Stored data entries
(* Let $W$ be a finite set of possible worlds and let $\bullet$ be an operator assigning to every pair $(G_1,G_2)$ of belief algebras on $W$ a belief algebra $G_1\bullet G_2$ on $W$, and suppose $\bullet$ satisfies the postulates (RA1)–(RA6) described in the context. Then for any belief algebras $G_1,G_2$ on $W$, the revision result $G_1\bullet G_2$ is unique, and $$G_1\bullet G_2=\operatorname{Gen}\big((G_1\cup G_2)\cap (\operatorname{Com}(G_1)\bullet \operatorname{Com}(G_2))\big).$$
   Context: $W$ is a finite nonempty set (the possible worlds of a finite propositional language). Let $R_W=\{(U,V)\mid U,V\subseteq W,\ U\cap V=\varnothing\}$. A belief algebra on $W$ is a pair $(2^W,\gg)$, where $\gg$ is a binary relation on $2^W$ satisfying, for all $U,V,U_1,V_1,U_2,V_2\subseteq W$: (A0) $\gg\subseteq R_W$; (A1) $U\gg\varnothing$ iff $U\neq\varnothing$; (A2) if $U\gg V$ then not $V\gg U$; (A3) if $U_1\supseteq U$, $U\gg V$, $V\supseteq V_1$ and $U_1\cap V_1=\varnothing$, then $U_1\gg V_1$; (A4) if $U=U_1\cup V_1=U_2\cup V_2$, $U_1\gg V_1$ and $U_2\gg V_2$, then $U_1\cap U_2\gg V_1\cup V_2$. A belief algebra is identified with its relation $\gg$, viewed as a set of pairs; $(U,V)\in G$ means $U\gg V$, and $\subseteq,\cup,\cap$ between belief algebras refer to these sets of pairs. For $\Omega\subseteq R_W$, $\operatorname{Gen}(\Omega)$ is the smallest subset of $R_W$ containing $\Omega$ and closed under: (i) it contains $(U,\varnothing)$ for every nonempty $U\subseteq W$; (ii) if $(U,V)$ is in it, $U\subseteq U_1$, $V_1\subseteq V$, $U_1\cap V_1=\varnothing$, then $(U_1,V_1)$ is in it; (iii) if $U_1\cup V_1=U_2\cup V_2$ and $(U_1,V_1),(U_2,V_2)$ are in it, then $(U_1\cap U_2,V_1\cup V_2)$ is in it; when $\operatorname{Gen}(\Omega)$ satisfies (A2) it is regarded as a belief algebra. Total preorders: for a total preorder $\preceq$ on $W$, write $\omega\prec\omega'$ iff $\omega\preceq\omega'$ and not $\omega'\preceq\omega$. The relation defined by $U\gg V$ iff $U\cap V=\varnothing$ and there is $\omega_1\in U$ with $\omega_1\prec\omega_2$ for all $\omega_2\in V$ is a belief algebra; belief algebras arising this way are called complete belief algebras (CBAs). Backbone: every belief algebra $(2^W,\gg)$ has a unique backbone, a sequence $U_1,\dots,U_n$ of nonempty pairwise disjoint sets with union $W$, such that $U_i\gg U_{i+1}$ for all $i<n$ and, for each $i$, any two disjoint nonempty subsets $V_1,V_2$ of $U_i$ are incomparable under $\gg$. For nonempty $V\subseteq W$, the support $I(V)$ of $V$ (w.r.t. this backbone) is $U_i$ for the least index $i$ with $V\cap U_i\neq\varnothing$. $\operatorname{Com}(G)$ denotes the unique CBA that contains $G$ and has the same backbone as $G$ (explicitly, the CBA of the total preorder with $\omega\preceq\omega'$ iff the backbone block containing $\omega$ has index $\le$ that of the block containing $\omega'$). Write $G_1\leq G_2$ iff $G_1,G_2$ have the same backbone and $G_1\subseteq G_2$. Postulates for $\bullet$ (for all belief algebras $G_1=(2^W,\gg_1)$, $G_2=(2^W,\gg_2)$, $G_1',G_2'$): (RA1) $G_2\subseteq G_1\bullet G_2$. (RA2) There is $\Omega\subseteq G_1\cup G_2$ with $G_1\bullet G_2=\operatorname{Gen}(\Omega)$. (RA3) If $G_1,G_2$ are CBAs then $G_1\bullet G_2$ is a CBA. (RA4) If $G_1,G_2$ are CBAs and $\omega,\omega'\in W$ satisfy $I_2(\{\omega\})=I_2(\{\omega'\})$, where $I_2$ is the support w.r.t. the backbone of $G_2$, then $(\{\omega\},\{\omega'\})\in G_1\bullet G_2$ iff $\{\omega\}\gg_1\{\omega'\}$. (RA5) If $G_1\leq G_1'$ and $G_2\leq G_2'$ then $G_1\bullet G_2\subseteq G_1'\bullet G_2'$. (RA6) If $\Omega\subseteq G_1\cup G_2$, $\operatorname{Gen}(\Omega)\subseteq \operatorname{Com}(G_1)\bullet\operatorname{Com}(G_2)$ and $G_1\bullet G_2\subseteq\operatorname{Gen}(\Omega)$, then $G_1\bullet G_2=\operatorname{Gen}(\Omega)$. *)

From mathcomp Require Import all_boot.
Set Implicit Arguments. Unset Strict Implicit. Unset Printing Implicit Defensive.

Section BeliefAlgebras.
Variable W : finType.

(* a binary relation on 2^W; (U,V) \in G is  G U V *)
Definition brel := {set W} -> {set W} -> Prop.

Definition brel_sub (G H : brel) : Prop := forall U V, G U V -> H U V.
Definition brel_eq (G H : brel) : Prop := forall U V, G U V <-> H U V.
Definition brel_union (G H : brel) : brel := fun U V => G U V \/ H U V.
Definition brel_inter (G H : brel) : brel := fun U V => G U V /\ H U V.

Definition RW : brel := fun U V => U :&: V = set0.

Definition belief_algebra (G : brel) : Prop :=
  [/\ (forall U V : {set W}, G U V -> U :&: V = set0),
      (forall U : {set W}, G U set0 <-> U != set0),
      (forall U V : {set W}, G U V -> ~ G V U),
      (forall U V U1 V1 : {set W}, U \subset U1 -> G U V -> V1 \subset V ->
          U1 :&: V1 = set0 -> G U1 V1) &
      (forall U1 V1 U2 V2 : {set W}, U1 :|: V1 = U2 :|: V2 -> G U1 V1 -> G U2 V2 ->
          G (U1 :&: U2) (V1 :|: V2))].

◆ **Task directions**: Say how many lines of the data hold the string "brel", with no other words in your reply.

◆ **Result**: 7